A model contains the information that's necessary to create the prediction function.

A model's state can contain more information related to the point of time at which we save the model such as epoch, batch number, learning rate etc.

Saving the full model's state so that training can be resumed at a later point in time is called checkpointing and saved model files are considered as checkpoints.

Checkpointing a model in Keras as follows:

checkpoint_path = '{}/checkpoints/taxi'.format(OUTDIR)
cp_callback = tf.keras.callbacks.ModelCheckpoint(
                checkpoint_path,
                save_weights_only=False,
                verbose=1)

history = model.fit(x_train, y_train,
                    batch_size=64,
                    epochs=3,
                    validation_data=(x_val, y_val),
                    verbose=2,
                    callbacks=[cp_callback])

With this, we fit, eval, checkpoint; fit, eval, checkpoint and so on.

Partially trained models through checkpoints are helpful in a few other ways:

Generalizable

Partially trained models are more generalizable. We can go back and check for the ones that have learned high-level view of the data vs the ones that are overfitting the data.

Early stopping

During model overfit, the validation error increases. To avoid this, we can have a look at the validation error at the end of each epoch and decide if we should continue or do a early stop.

Also, in general, we should train a bit longer before deciding on early stopping as the increase in validation error might be because the model is trying to learn the rare situations in the dataset and it might decrease after a certain time period. So, it's always better to wait before stopping.

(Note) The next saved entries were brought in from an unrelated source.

Lemma fidelity_sum_le n (E M : 'I_n -> 'M[C]_d) :
  povm E -> (forall b, density (M b)) -> fidelity_sum E M <= 2 * d%:R.
Proof.
case=> psdE sumE densM; rewrite /fidelity_sum.
have -> : 2 * d%:R = \sum_b (\tr (E b) + \tr (E b)) :> C.
  by rewrite big_split /= -raddf_sum /= sumE mxtrace1 mulr_natl mulr2n.
apply: ler_sum => b _; case: (densM b) => psdM trM.
by rewrite trM mulr1 lerD2l -[leRHS]mulr1 -trM mxtrace_mul_psd_le.
Qed.

Lemma fidelity_sum_rank1 n (g : 'I_n -> R) (phi : 'I_n -> 'cV[C]_d) :
  (forall b, cdot (phi b) (phi b) = 1) ->
  povm (fun b => (g b)%:C *: ketbra (phi b)) ->
  fidelity_sum (fun b => (g b)%:C *: ketbra (phi b)) (fun b => ketbra (phi b))
  = 2 * d%:R.
Proof.
move=> phi_unit [_ sumG]; rewrite /fidelity_sum.
under eq_bigr do rewrite -scalemxAl ketbra_mul_ketbra phi_unit scale1r mxtrace_ketbra phi_unit mulr1.
by rewrite big_split /= -raddf_sum /= sumG mxtrace1 mulr_natl mulr2n.
Qed.

End FidelitySum.

Section FourfoldSums.
Variables (R : realType) (d : nat).
Local Notation C := R[i].
Implicit Types (f g : 'I_d -> 'I_d -> 'I_d -> 'I_d -> C).

Definition sum4 f : C := \sum_x \sum_y \sum_z \sum_w f x y z w.

Lemma eq_sum4 f g : (forall x y z w, f x y z w = g x y z w) -> sum4 f = sum4 g.
Proof.
move=> fg; apply: eq_bigr => x _; apply: eq_bigr => y _.
by apply: eq_bigr => z _; apply: eq_bigr => w _.
Qed.

Lemma sum4D f g : sum4 (fun x y z w => f x y z w + g x y z w) = sum4 f + sum4 g.
Proof.
rewrite /sum4 -big_split; apply: eq_bigr => x _; rewrite -big_split.
by apply: eq_bigr => y _; rewrite -big_split; apply: eq_bigr => z _; rewrite -big_split.
Qed.

Lemma sum4Z c f : sum4 (fun x y z w => c * f x y z w) = c * sum4 f.
Proof.
rewrite /sum4 mulr_sumr; apply: eq_bigr => x _; rewrite mulr_sumr.
by apply: eq_bigr => y _; rewrite mulr_sumr; apply: eq_bigr => z _; rewrite mulr_sumr.
Qed.

Lemma conj_sum4 f : Num.conj (sum4 f) = sum4 (fun x y z w => Num.conj (f x y z w)).
Proof.
rewrite /sum4 rmorph_sum; apply: eq_bigr => x _; rewrite rmorph_sum.
by apply: eq_bigr => y _; rewrite rmorph_sum; apply: eq_bigr => z _; rewrite rmorph_sum.
Qed.

Lemma exchange_sum4 (J : finType) (F : J -> 'I_d -> 'I_d -> 'I_d -> 'I_d -> C) :
  sum4 (fun x y z w => \sum_j F j x y z w) = \sum_j sum4 (F j).
Proof.
rewrite /sum4.
under eq_bigr do under eq_bigr do under eq_bigr do rewrite exchange_big.
under eq_bigr do under eq_bigr do rewrite exchange_big.
by under eq_bigr do rewrite exchange_big; rewrite exchange_big.
Qed.

Lemma sum4_mul2 (a b : 'I_d -> 'I_d -> C) :
  (\sum_x \sum_y a x y) * (\sum_z \sum_w b z w) = sum4 (fun x y z w => a x y * b z w).
Proof.
rewrite /sum4 mulr_suml; apply: eq_bigr => x _; rewrite mulr_suml.
by apply: eq_bigr => y _; rewrite mulr_sumr; apply: eq_bigr => z _; rewrite mulr_sumr.
Qed.

Lemma psum4_eq0P f : (forall x y z w, 0 <= f x y z w) ->
  sum4 f = 0 -> forall x y z w, f x y z w = 0.
Proof.
move=> f_ge0 f0 x y z w.
have g3 x' y' z' : 0 <= \sum_w' f x' y' z' w' by apply: sumr_ge0.
have g2 x' y' : 0 <= \sum_z' \sum_w' f x' y' z' w' by apply: sumr_ge0.
have g1 x' : 0 <= \sum_y' \sum_z' \sum_w' f x' y' z' w' by apply: sumr_ge0.
have f1 := @psumr_eq0P _ _ _ _ (fun x _ => g1 x) f0 x isT.
have f2 := @psumr_eq0P _ _ _ _ (fun y _ => g2 x y) f1 y isT.
have f3 := @psumr_eq0P _ _ _ _ (fun z _ => g3 x y z) f2 z isT.
exact: @psumr_eq0P _ _ _ _ (fun w _ => f_ge0 x y z w) f3 w isT.
Qed.

Definition swap_delta (x y z w : 'I_d) : C :=
  ((y == x) && (w == z))%:R + ((w == x) && (z == y))%:R.

Lemma conj_swap_delta x y z w : Num.conj (swap_delta x y z w) = swap_delta x y z w.
Proof. by rewrite rmorphD /= !conjC_nat. Qed.

Lemma sum_natr_eq_mul (I : finType) (j : I) (F : I -> C) :
  \sum_i (i == j)%:R * F i = F j.
Proof. by rewrite (bigD1 j) //= eqxx mul1r big1 ?addr0 // => i /negbTE ->; rewrite mul0r. Qed.

Lemma sum4_swap_delta_mul f : sum4 (fun x y z w => swap_delta x y z w * f x y z w) =
  \sum_x \sum_z f x x z z + \sum_x \sum_y f x y y x.
Proof.
under eq_sum4 => x y z w do rewrite mulrDl [(w == x) && _]andbC -!mulnb !natrM -!mulrA.
rewrite sum4D /sum4; congr (_ + _); apply: eq_bigr => x _.
  under eq_bigr do under eq_bigr do rewrite -mulr_sumr.
  under eq_bigr do rewrite -mulr_sumr.
  by rewrite sum_natr_eq_mul; apply: eq_bigr => z _; rewrite sum_natr_eq_mul.
apply: eq_bigr => y _; under eq_bigr do rewrite -mulr_sumr.
by rewrite sum_natr_eq_mul sum_natr_eq_mul.
Qed.

Lemma sum4_swap_delta_sq :
  sum4 (fun x y z w => swap_delta x y z w * swap_delta x y z w) = 2 * (d%:R * d.+1%:R).
Proof.
rewrite sum4_swap_delta_mul.
have diag_count (x : 'I_d) : \sum_(z : 'I_d) ((z == x)%:R : C) = 1.
  by rewrite (bigD1 x) //= big1 => [|z /negbTE ->]; rewrite ?eqxx ?addr0.
have -> : \sum_x \sum_z swap_delta x x z z = \sum_(x : 'I_d) (d.+1)%:R.
  apply: eq_bigr => x _; rewrite /swap_delta; under eq_bigr do rewrite !eqxx !andbb.
  by rewrite big_split /= diag_count sumr_const card_ord natr1.
have -> : \sum_x \sum_y swap_delta x y y x = \sum_(x : 'I_d) (d.+1)%:R.
  apply: eq_bigr => x _; rewrite /swap_delta; under eq_bigr => y do rewrite !eqxx [x == y]eq_sym !andbb.
  by rewrite big_split /= diag_count sumr_const card_ord addrC natr1.
by rewrite sumr_const card_ord; ring.
Qed.

End FourfoldSums.

Arguments swap_delta {R d}.

Section Moments.
Variables (R : realType) (d : nat) (J : finType) (psi : J -> 'cV[R[i]]_d).
Local Notation C := R[i].
Local Notation P j := (ketbra (psi j)).

Lemma conj_ketbra (v : 'cV[C]_d) x y : Num.conj (ketbra v x y) = ketbra v y x.
Proof. by rewrite !ketbraE rmorphM /= conjCK mulrC. Qed.

Lemma mxtrace_ketbra_mul_ketbra (u v : 'cV[C]_d) :
  \tr (ketbra u *m ketbra v) = `|cdot u v| ^+ 2.
Proof.
rewrite normCK conj_cdot /ketbra mulmxA mxtrace_mulC.
by rewrite -[u *m _ *m v]mulmxA [adjmx v *m (u *m _)]mulmxA /mxtrace big_ord1 mxE big_ord1 mulrC.
Qed.

(* moment4 and swap_delta are the entries at ((x, z), (y, w)) of
   sum_j Pi_j (x) Pi_j and of I + SWAP on C^d (x) C^d. *)
Definition moment4 x y z w : C := \sum_j P j x y * P j z w.

Lemma sum_mxtrace_ketbra_mul (A B : 'M[C]_d) :
  \sum_j \tr (P j *m A) * \tr (P j *m B) =
  sum4 (fun x y z w => moment4 x y z w * (A y x * B w z)).
Proof.
under eq_bigr do rewrite !mxtrace_mulE sum4_mul2.
rewrite -exchange_sum4; apply: eq_sum4 => x y z w.
by rewrite mulr_suml; apply: eq_bigr => j _; rewrite mulrACA.
Qed.

Lemma sum4_moment4_sqnorm :
  sum4 (fun x y z w => moment4 x y z w * Num.conj (moment4 x y z w)) =
  \sum_j \sum_k (`|cdot (psi j) (psi k)| ^+ 2) ^+ 2.
Proof.
transitivity (\sum_k \sum_j \tr (P j *m P k) * \tr (P j *m P k)).
  under [RHS]eq_bigr do rewrite sum_mxtrace_ketbra_mul.
  rewrite -exchange_sum4; apply: eq_sum4 => x y z w.
  rewrite -mulr_sumr rmorph_sum; congr (_ * _); apply: eq_bigr => k _.
  by rewrite rmorphM /= !conj_ketbra.
by rewrite exchange_big; do 2!apply: eq_bigr => ? _; rewrite mxtrace_ketbra_mul_ketbra.
Qed.

Hypothesis psi_unit : forall j, cdot (psi j) (psi j) = 1.

Lemma sum4_swap_delta_moment4 :
  sum4 (fun x y z w => swap_delta x y z w * moment4 x y z w) = 2 * #|J|%:R.
Proof.
rewrite sum4_swap_delta_mul /moment4.
under eq_bigr do rewrite exchange_big; under [X in _ + X]eq_bigr do rewrite exchange_big.
rewrite exchange_big [X in _ + X]exchange_big -big_split /= -sumr_const mulr_sumr.
apply: eq_bigr => j _; rewrite -big_distrlr -mxtrace_mulE /=.
rewrite -[\sum_x _]/(\tr (P j)) mxtrace_ketbra_mul_ketbra mxtrace_ketbra psi_unit.
by rewrite normr1 expr1n !mulr1.
Qed.

End Moments.

Section Sic.
Variables (R : realType) (d : nat) (psi : 'I_(d ^ 2) -> 'cV[R[i]]_d).
Hypothesis sic : SIC psi.
Local Notation C := R[i].
Local Notation P j := (ketbra (psi j)).

Lemma sic_mxtrace_ketbra_mul j k :
  \tr (P j *m P k) = if j == k then 1 else (d.+1%:R)^-1.
Proof.
case: sic => unit overlap; rewrite mxtrace_ketbra_mul_ketbra.
by case: eqVneq => [<- | /overlap //]; rewrite unit normr1 expr1n.
Qed.

Lemma sic_sum4_moment4_sqnorm (e := (d.+1%:R : C)^-1) :
  sum4 (fun x y z w => moment4 psi x y z w * Num.conj (moment4 psi x y z w)) =
  (e ^+ 2 *+ d ^ 2 + (1 - e ^+ 2)) *+ d ^ 2.
Proof.
have sq j k : (`|cdot (psi j) (psi k)| ^+ 2) ^+ 2 = e ^+ 2 + (k == j)%:R * (1 - e ^+ 2).
  rewrite -mxtrace_ketbra_mul_ketbra sic_mxtrace_ketbra_mul eq_sym.
  by case: eqP => _; rewrite ?expr1n ?mul1r ?mul0r ?addr0 // addrC subrK.
rewrite sum4_moment4_sqnorm.
under eq_bigr do (under eq_bigr do rewrite sq; rewrite big_split /= sum_natr_eq_mul).
by rewrite !sumr_const !card_ord.
Qed.

Lemma sic_moment4 x y z w :
  moment4 psi x y z w = d%:R / d.+1%:R * swap_delta x y z w.
Proof.
set c : C := d%:R / d.+1%:R.
have c_real : Num.conj c = c by rewrite fmorph_div /= !conjC_nat.
pose dev x y z w := moment4 psi x y z w - c * swap_delta x y z w.
suff dev_sq0 : sum4 (fun x y z w => dev x y z w * Num.conj (dev x y z w)) = 0.
  have /eqP := psum4_eq0P (fun x y z w => mul_conjC_ge0 (dev x y z w)) dev_sq0 x y z w.
  by rewrite mul_conjC_eq0 subr_eq0 => /eqP.
have expand T D : (T - c * D) * (Num.conj T - c * D) =
    T * Num.conj T + - c * (D * Num.conj T) + - c * (D * T) + c ^+ 2 * (D * D).
  by ring.
under eq_sum4 do rewrite /dev rmorphB rmorphM /= c_real conj_swap_delta expand.
rewrite !sum4D !sum4Z sic_sum4_moment4_sqnorm sum4_swap_delta_sq.
under eq_sum4 do rewrite -conj_swap_delta -rmorphM.
rewrite -conj_sum4 sum4_swap_delta_moment4; last by case: sic.
rewrite card_ord rmorphM /= !rmorph_nat /c.
by field; rewrite addrC natr1 pnatr_eq0.
Qed.

Lemma sic_sum_mxtrace_mul (A B : 'M[C]_d) :
  \sum_j \tr (P j *m A) * \tr (P j *m B) =
  d%:R / d.+1%:R * (\tr A * \tr B + \tr (A *m B)).
Proof.
rewrite sum_mxtrace_ketbra_mul.
under eq_sum4 do rewrite sic_moment4 -[_ * _ * (_ * _)]mulrA.
by rewrite sum4Z sum4_swap_delta_mul -big_distrlr mxtrace_mulE exchange_big.
Qed.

Early stopping at the end of every batch can be beneficial too.

Regularization

An alternative to early-stopping and checkpoint selection would be regularization.

Instead of doing 3 splits on the data set (train, validate and test), we do just 2 (train and evaluate). So, we use the entire data set during training.

The evaluation data is used as test data during experimentation phase and as validation data in production.

During experimentation phase, we focus on regularizing the model based on how well it does with training error vs testing error.

During deployment, we train the model with early stopping or checkpoint selection to monitor how well it does on the evaluation data.

Fine-tuning

Checkpoint selection is useful when training a model on freshly arrived data. In such cases, we can re-train the model on new data based on the model state checkpoint a few steps before the training loss starts to become plateau.

Using steps_per_epoch for checkpointing

Epoch: A full training pass over the entire dataset such that each example has been seen once.

1 epoch = (N / batch_size) iterations or steps

So, steps_per_epoch defaults to N / batch_size. However, if we want more granular control, we can adjust it based on requirements for better checkpoints.

Consider that we have 15 million examples and over the time we realized the model converges after viewing 14.3 million examples. So, we decided to save the resource required to process 0.7 million examples. So, how can we do that?

If we were to train for 15 epochs (and checkpoint at the end of each epoch, i.e., number of checkpoints = 15) with batch size of 100, we need 1,50,000 steps_per_epoch.

Thus, to train for 14.3 epochs with batch size of 100, we would need 1,50,000 * (14.3 / 15) = 1,43,000 steps_per_epoch. Here, 14.3 is considered to be a stop point (analogous to an epoch).

When newer data arrives, we train with the steps_per_epoch set to 1,43,000 and then, update the number of training examples and stop point, keeping batch size and number of checkpoints constant so that the steps_per_epoch remains the same.

Keeping the steps per epoch constant this way is considered to create a virtual epoch.

Here is how we do this:

NUM_TRAINING_EXAMPLES = 150,000,000
STOP_POINT = 14.3
BATCH_SIZE = 100
NUM_CHECKPOINTS = 15
steps_per_epoch = (NUM_TRAINING_EXAMPLES / BATCH_SIZE) * (STOP_POINT / NUM_CHECKPOINTS)

cp_callback = tf.keras.callbacks.ModelCheckpoint(
                checkpoint_path,
                save_weights_only=False,
                verbose=1)

history = model.fit(trainds,
                    batch_size=BATCH_SIZE,
                    epochs=NUM_CHECKPOINTS,
                    validation_data=(evalds),
                    steps_per_epoch=steps_per_epoch,
                    verbose=2,
                    callbacks=[cp_callback])